## BRIEF
Take the entries below and print, exactly, the stretch from the line containing "Variable b : 'I_N -> 'I_n -> 'rV[R]_n." through the line containing "Definition Ypsi (h1", both included.

## EXTRACTED DATA
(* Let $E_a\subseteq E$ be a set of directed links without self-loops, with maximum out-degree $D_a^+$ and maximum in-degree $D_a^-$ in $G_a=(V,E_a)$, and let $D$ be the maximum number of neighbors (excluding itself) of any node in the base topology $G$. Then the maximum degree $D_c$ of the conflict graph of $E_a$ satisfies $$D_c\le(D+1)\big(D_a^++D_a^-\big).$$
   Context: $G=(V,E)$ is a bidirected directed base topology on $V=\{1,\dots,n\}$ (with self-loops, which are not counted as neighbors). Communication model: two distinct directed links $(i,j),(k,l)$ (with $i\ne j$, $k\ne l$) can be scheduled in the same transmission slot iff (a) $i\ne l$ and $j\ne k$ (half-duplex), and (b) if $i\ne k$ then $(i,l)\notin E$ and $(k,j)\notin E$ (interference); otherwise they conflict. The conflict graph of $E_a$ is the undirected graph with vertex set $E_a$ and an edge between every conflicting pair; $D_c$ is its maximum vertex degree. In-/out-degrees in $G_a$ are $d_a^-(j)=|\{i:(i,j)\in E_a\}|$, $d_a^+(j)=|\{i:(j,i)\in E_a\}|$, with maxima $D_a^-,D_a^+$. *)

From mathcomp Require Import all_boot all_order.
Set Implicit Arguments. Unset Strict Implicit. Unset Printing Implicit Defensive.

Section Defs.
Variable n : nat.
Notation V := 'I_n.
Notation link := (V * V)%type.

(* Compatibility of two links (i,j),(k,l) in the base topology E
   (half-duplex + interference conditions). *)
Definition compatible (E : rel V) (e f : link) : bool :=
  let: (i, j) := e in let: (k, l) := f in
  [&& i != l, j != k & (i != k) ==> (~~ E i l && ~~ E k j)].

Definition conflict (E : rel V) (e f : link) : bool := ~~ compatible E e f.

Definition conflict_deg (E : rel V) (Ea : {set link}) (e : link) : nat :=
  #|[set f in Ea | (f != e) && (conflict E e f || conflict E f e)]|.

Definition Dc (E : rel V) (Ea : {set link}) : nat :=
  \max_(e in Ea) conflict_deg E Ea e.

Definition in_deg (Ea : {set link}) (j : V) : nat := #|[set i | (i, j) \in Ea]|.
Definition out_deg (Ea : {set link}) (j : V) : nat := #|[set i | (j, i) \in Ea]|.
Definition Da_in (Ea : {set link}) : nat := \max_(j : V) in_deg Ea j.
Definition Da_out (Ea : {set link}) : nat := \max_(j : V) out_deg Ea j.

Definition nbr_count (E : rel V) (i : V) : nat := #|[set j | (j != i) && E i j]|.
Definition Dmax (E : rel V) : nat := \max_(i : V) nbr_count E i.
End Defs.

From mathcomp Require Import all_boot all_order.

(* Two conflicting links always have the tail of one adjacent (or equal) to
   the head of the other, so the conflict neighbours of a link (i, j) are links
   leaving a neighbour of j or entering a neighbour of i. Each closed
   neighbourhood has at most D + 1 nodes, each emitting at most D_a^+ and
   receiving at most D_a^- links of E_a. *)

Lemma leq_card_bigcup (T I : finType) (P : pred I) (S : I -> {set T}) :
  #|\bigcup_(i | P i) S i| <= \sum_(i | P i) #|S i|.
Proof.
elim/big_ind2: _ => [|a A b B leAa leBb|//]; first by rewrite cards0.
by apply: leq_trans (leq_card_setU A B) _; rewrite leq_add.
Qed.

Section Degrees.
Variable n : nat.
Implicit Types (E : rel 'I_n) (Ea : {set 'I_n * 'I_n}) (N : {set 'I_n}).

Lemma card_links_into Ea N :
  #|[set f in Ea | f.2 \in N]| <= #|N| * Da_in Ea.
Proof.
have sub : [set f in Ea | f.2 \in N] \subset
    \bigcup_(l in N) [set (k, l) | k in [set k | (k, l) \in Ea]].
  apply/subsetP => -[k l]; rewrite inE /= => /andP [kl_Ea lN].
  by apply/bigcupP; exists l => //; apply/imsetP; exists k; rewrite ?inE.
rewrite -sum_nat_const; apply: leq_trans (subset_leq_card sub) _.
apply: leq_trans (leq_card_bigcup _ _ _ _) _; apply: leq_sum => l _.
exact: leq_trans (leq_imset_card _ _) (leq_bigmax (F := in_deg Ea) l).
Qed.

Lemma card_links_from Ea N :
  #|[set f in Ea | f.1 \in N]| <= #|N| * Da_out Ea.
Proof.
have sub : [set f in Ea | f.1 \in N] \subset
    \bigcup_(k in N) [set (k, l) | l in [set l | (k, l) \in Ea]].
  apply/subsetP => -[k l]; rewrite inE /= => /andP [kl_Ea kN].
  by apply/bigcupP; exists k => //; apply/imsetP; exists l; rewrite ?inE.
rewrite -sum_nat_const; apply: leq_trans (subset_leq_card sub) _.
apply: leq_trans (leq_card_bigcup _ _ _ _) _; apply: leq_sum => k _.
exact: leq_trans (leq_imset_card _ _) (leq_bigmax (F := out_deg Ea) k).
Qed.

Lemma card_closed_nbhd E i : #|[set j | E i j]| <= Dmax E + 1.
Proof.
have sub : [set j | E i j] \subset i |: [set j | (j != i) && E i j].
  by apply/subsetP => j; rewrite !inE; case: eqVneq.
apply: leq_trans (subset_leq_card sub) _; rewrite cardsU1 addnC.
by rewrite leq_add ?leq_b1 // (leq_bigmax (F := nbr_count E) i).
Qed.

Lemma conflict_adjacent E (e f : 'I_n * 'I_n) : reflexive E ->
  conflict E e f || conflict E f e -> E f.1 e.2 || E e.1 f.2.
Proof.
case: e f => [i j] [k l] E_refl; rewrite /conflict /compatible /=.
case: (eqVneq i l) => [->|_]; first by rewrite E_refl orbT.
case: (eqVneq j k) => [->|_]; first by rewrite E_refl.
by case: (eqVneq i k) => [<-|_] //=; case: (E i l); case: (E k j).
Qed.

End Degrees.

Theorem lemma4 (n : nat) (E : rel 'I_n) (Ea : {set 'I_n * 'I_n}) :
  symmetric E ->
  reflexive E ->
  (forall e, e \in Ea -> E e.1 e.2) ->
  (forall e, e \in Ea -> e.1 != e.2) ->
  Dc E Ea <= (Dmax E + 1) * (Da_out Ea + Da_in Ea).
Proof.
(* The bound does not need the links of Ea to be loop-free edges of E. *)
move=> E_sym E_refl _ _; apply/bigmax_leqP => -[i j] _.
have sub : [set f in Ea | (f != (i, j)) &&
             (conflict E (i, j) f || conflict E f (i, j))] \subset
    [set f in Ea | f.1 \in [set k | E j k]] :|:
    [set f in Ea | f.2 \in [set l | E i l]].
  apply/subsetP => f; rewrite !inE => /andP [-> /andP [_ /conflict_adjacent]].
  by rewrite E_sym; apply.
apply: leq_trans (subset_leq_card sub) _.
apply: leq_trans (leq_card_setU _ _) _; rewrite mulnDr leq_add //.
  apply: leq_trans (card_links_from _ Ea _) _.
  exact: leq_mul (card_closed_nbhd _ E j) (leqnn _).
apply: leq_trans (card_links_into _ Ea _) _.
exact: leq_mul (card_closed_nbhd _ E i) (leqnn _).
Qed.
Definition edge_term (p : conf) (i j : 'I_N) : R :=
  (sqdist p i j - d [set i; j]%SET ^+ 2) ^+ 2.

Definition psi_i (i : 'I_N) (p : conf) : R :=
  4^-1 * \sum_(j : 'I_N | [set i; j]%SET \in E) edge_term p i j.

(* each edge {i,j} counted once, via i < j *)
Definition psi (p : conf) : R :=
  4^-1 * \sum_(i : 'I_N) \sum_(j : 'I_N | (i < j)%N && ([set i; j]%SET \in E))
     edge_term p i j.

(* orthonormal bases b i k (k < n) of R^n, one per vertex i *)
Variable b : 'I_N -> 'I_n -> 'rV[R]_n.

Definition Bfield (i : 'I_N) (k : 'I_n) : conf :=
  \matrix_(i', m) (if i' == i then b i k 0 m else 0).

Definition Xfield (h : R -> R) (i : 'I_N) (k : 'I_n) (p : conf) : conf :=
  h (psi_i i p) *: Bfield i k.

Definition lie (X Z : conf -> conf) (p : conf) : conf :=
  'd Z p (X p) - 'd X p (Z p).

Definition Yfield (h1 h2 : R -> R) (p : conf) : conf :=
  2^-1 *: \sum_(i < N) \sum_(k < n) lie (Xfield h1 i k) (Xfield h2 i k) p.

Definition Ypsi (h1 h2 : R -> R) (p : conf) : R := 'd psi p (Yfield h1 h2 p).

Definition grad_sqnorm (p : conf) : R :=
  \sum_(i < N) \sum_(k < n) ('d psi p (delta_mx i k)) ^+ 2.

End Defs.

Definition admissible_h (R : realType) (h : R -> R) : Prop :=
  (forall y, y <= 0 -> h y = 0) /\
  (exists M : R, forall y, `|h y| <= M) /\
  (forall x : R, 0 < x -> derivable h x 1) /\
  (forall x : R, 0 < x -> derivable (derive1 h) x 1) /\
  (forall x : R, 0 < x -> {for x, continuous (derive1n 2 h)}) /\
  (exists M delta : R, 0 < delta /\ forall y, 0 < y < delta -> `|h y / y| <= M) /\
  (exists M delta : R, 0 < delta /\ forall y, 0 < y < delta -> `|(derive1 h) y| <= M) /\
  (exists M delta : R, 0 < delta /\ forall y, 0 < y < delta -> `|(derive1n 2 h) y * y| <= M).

## RESPONSE TO THIS EXERCISE
Variable b : 'I_N -> 'I_n -> 'rV[R]_n.

Definition Bfield (i : 'I_N) (k : 'I_n) : conf :=
  \matrix_(i', m) (if i' == i then b i k 0 m else 0).

Definition Xfield (h : R -> R) (i : 'I_N) (k : 'I_n) (p : conf) : conf :=
  h (psi_i i p) *: Bfield i k.

Definition lie (X Z : conf -> conf) (p : conf) : conf :=
  'd Z p (X p) - 'd X p (Z p).

Definition Yfield (h1 h2 : R -> R) (p : conf) : conf :=
  2^-1 *: \sum_(i < N) \sum_(k < n) lie (Xfield h1 i k) (Xfield h2 i k) p.

Definition Ypsi (h1 h2 : R -> R) (p : conf) : R := 'd psi p (Yfield h1 h2 p).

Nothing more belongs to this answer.